Having been in the oil industry for more than three decades, Hal Banks is no stranger to the up and down nature of the business. “We are in a reactive business,” he said. “It’s hard to be proactive. You try to keep your debt load low, because you know it will slow down. That’s how we have made it, by keeping the debt load low.”

“When you’re busy you tend to have more people problems, then when you’re slow you just have money problems,” Hal said. “My dad’s favorite saying is, ‘You can’t sell out of an empty wagon. You’ve got to have it to sell it.’ He always talks in parables, he won’t just say yes or no. When I asked him about buying our separators, he just said, ‘You can’t sell out of an empty wagon.’”

You can’t be afraid to have some inventory, Hal said, “You can’t get stuck on that. It’s just assumed that you have to have some inventory. It’s not like our stuff is perishable, it’s steel and rubber.”

Hal and Erin Banks agreed that a primary difference between working with customers in Michigan and those in Pennsylvania, Ohio and West Virginia is that the company has more established long-term relationships with its Michigan customer base. “We definitely have more loyal customers here,” Erin said.
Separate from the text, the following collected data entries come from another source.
Lemma vacant_succ (e : rel T) (t : T) : arc_diagram e ->
  vacant_of e t.+1 =
  (vacant_of e t :\: [set a | e a t]) :|: [set c | [exists y, e t y] && (c == t)].
Proof.
case=> e_lt e_fun _; apply/setP=> c; rewrite !inE.
case: (eqVneq c t) => [->|ct].
  rewrite ltnSn ltnn andbF /= andbT; apply: eq_existsb => y.
  by apply/andb_idr=> /e_lt.
have -> : (c < t.+1) = (c < t) by rewrite ltnS leq_eqVlt val_eqE (negbTE ct).
rewrite /= andbF orbF; case: (ltnP c t) => [_ /=|_]; last by rewrite andbF.
apply/existsP/andP=> [[y /andP[ecy ty]]|[ect /existsP[y /andP[ecy ty]]]].
  split; first by apply: contraTN ty => /(e_fun _ _ _ ecy) ->; rewrite ltnn.
  by apply/existsP; exists y; rewrite ecy ltnW.
exists y; rewrite ecy ltn_neqAle ty andbT.
by apply: contraNneq ect => /val_inj ->.
Qed.

Lemma vacant_arc_source (e : rel T) (a t : T) : arc_diagram e -> e a t -> a \in vacant_of e t.
Proof.
by case=> e_lt _ _ eat; rewrite inE e_lt //=; apply/existsP; exists t; rewrite eat leqnn.
Qed.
The nature of the company’s work in Michigan and Pennsylvania has changed over time, Hal said. B & B Oilfield Equipment sells very few wellheads in Pennsylvania currently, doing nipple-up and testing and rentals and hardly any flowback work. In Michigan, it’s all wellhead and flowback work. “We offer different things, but it goes back to accepting what the market will give you,” Hal said. “You move the artillery around.”
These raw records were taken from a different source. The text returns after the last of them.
(* Identities in T(V) are proved by testing against all the linear forms
   [lin f t = \sum_w t_w f(w)] (lemma [lin_inj]). *)
Local Notation lin f := (mmap idfun f).

Lemma natr_and (R : nzSemiRingType) (b1 b2 : bool) : (b1 && b2)%:R = b1%:R * b2%:R :> R.
Proof. by rewrite -mulnb natrM. Qed.

Lemma natr_eq_cat2 (R : nzSemiRingType) (T : eqType) (x y : T) w1 w2 :
  ([:: x; y] == w1 ++ w2)%:R =
  ([:: x; y] == w1)%:R * ([::] == w2)%:R + ([::] == w1)%:R * ([:: x; y] == w2)%:R
  + ([:: x] == w1)%:R * ([:: y] == w2)%:R :> R.
Proof.
case: w1 => [|x1 [|x2 [|x3 w1]]]; case: w2 => [|y1 [|y2 [|y3 w2]]] //=;
  by rewrite ?eqseq_cons ?andbT ?andbF ?mul0r ?mulr0 ?add0r ?addr0 ?mul1r ?mulr1 ?natr_and.
Qed.

Lemma sumr_rcons (R : nmodType) (T : Type) (r : seq T) x (F : T -> R) :
  \sum_(y <- rcons r x) F y = \sum_(y <- r) F y + F x.
Proof. by rewrite -cats1 big_cat big_seq1. Qed.

Section LinearForms.
Variables (k : fieldType) (K : choiceType).
Implicit Types (s t : {malg k[K]}) (f g : K -> k).

Lemma linU f x : lin f (<< x >> : {malg k[K]}) = f x.
Proof. by rewrite mmapU mul1r. Qed.

Lemma linZ f a t : lin f (a *: t) = a * lin f t.
Proof.
rewrite (mmapEw (msuppZ_le _ _)) mmapE mulr_sumr.
by apply: eq_bigr => x _; rewrite mcoeffZ mulrA.
Qed.

Lemma lin_sum I (r : seq I) (F : I -> {malg k[K]}) f :
  lin f (\sum_(i <- r) F i) = \sum_(i <- r) lin f (F i).
Proof. exact: raddf_sum. Qed.

Lemma lin_eq_in f g t : {in msupp t, f =1 g} -> lin f t = lin g t.
Proof. by move=> fg; rewrite !mmapE; apply: eq_big_seq => x /fg ->. Qed.

Lemma lin_coef t x : lin (fun y => (y == x)%:R) t = t@_x.
Proof.
have [xt|xNt] := boolP (x \in msupp t).
  rewrite mmapE (big_fsetD1 x) //= eqxx mulr1 big1_fset ?addr0 //.
  by move=> y; rewrite !inE => /andP[/negbTE -> _] _; rewrite mulr0.
rewrite (mcoeff_outdom xNt) mmapE big1_seq // => y /= yt.
by case: eqP => [yx|_]; [move: yt; rewrite yx (negbTE xNt) | rewrite mulr0].
Qed.

Lemma lin_inj s t : (forall f, lin f s = lin f t) -> s = t.
Proof. by move=> st; apply/malgP => x; rewrite -!lin_coef st. Qed.

Lemma lin_mull f a t : lin (fun x => a * f x) t = a * lin f t.
Proof. by rewrite !mmapE mulr_sumr; apply: eq_bigr => x _; rewrite mulrCA. Qed.

Lemma lin_mulr f a t : lin (fun x => f x * a) t = lin f t * a.
Proof. by rewrite !mmapE mulr_suml; apply: eq_bigr => x _; rewrite mulrA. Qed.

Lemma lin_add f g t : lin (fun x => f x + g x) t = lin f t + lin g t.
Proof. by rewrite !mmapE -big_split; apply: eq_bigr => x _; rewrite mulrDr. Qed.

Lemma lin_sumf I (r : seq I) (F : I -> K -> k) t :
  lin (fun x => \sum_(i <- r) F i x) t = \sum_(i <- r) lin (F i) t.
Proof. by rewrite mmapE exchange_big; apply: eq_bigr => x _; rewrite mulr_sumr. Qed.

Lemma lin_delta f t y : lin (fun x => f x * (x == y)%:R) t = t@_y * f y.
Proof.
rewrite (@lin_eq_in _ (fun x => f y * (x == y)%:R)) ?lin_mull ?lin_coef 1?mulrC //.
by move=> x _; case: eqP => [->|]; rewrite ?mulr0.
Qed.

Lemma lin_seq (r : seq K) f t : uniq r -> {subset msupp t <= r} ->
  lin f t = \sum_(x <- r) t@_x * f x.
Proof.
move=> r_uniq t_r.
rewrite (bigID (mem (msupp t))) /= [X in _ = _ + X]big1 ?addr0; last first.
  by move=> x /mcoeff_outdom ->; rewrite mul0r.
rewrite -big_filter mmapE; apply: perm_big; apply: uniq_perm; rewrite ?filter_uniq //.
by move=> x; rewrite mem_filter; case: (boolP (x \in msupp t)) => // /t_r ->.
Qed.

End LinearForms.

Section QuantumShuffle.
Variables (k : fieldType) (X : choiceType) (tr : X -> X -> X) (q : X -> X -> k).
Local Notation TV := (TV k X).
Local Notation vw := (@vw k X).
Local Notation shw := (shw tr q).
Local Notation shuf := (shuf tr q).
Local Notation qw := (qw q).
Implicit Types (s t : TV) (u w W : seq X).

Lemma mcoeff_vw w W : (vw w)@_W = (w == W)%:R.
Proof. by rewrite /Defs.vw mcoeffU. Qed.

Lemma lin_shuf f s t :
  lin f (shuf s t) = lin (fun u => lin (fun w => lin f (shw u w)) t) s.
Proof.
rewrite lin_sum [RHS]mmapE; apply: eq_bigr => u _.
by rewrite lin_sum mulr_sumr; apply: eq_bigr => w _; rewrite linZ mulrA.
Qed.

Lemma mcoeff_shuf s t W :
  (shuf s t)@_W = lin (fun u => lin (fun w => (shw u w)@_W) t) s.
Proof.
rewrite -lin_coef lin_shuf; apply: lin_eq_in => u _.
by apply: lin_eq_in => w _; rewrite lin_coef.
Qed.

Lemma shufDl s1 s2 t : shuf (s1 + s2) t = shuf s1 t + shuf s2 t.
Proof. by apply: lin_inj => f; rewrite mmapD !lin_shuf mmapD. Qed.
At one time, Harold thought Hal should move to Pittsburgh. “That’s where he thought I should be, that’s where the growth was and the drilling,” Hal said. Drilling activity is down in Michigan of late, with a handful of rigs running, Hal noted. “I think we’re chasing around 50 to 60 rigs in the Pennsylvania, Ohio and West Virginia area right now. In Michigan, we’ve gotten away from the drilling rigs and concentrate more on existing wells, like gas storage wells,” Hal said.

Hal said the reverse was true when the company started out, with close to 60 rigs running in Michigan and only 5 to 10 in Pennsylvania. “I think most of the people from Michigan went to work out of state because they had to, not because they wanted to,” Hal added. He said B & B has been contacted about going to North Dakota to work, but thus far has chosen not to. “That’s too far. I don’t want to rent anything to anybody that I can’t jump in a car and go fix myself within 8 or 10 hours,” Hal said.

B & B Oilfield Equipment Corp. is a registered importer-exporter in Canada and does do quite a bit of work there, Hal said. “We keep one or two jobs going in Canada most of the time,” he said.

An avid sportsman, Hal Banks enjoys boating, fishing and hunting, much of it while staying at the home he and his wife Erin have on Drummond Island and on neighboring Cockburn Island in the Canadian waters of northern Lake Huron, where the couple also owns property. “We love it here in Michigan,” Hal noted this week. “We’ll probably never leave here. There’s a reason we live here…,” he said, with Erin finishing his thought by saying, “It’s called Lake Huron.”

With his strong personal connection to the Great Lakes waters surrounding his home state of Michigan, Hal is frustrated by meeting people who, upon learning he works in the oil and gas industry, immediately want to talk about fracking. “I tell them, nobody wants to contaminate our water here. If that’s what was going on, I wouldn’t do it. People just need to be educated,” he added.

Hal pointed to the use of lease bonus monies and oil and gas production royalties generated on state of Michigan-owned minerals to fund both the Michigan Natural Resources Trust Fund and, more recently, the State Parks Endowment Fund as a “great thing,” something that people involved in the oil and gas industry in Michigan can be very proud of.

“We choose to live in Michigan, that’s just it,” Hal said. “We could live anywhere we wanted to, but then again, you’ve got people depending on you. I’ve got my own children, my sons-in-law, and now they have children of their own. You can’t just shut it down with all of that going on.”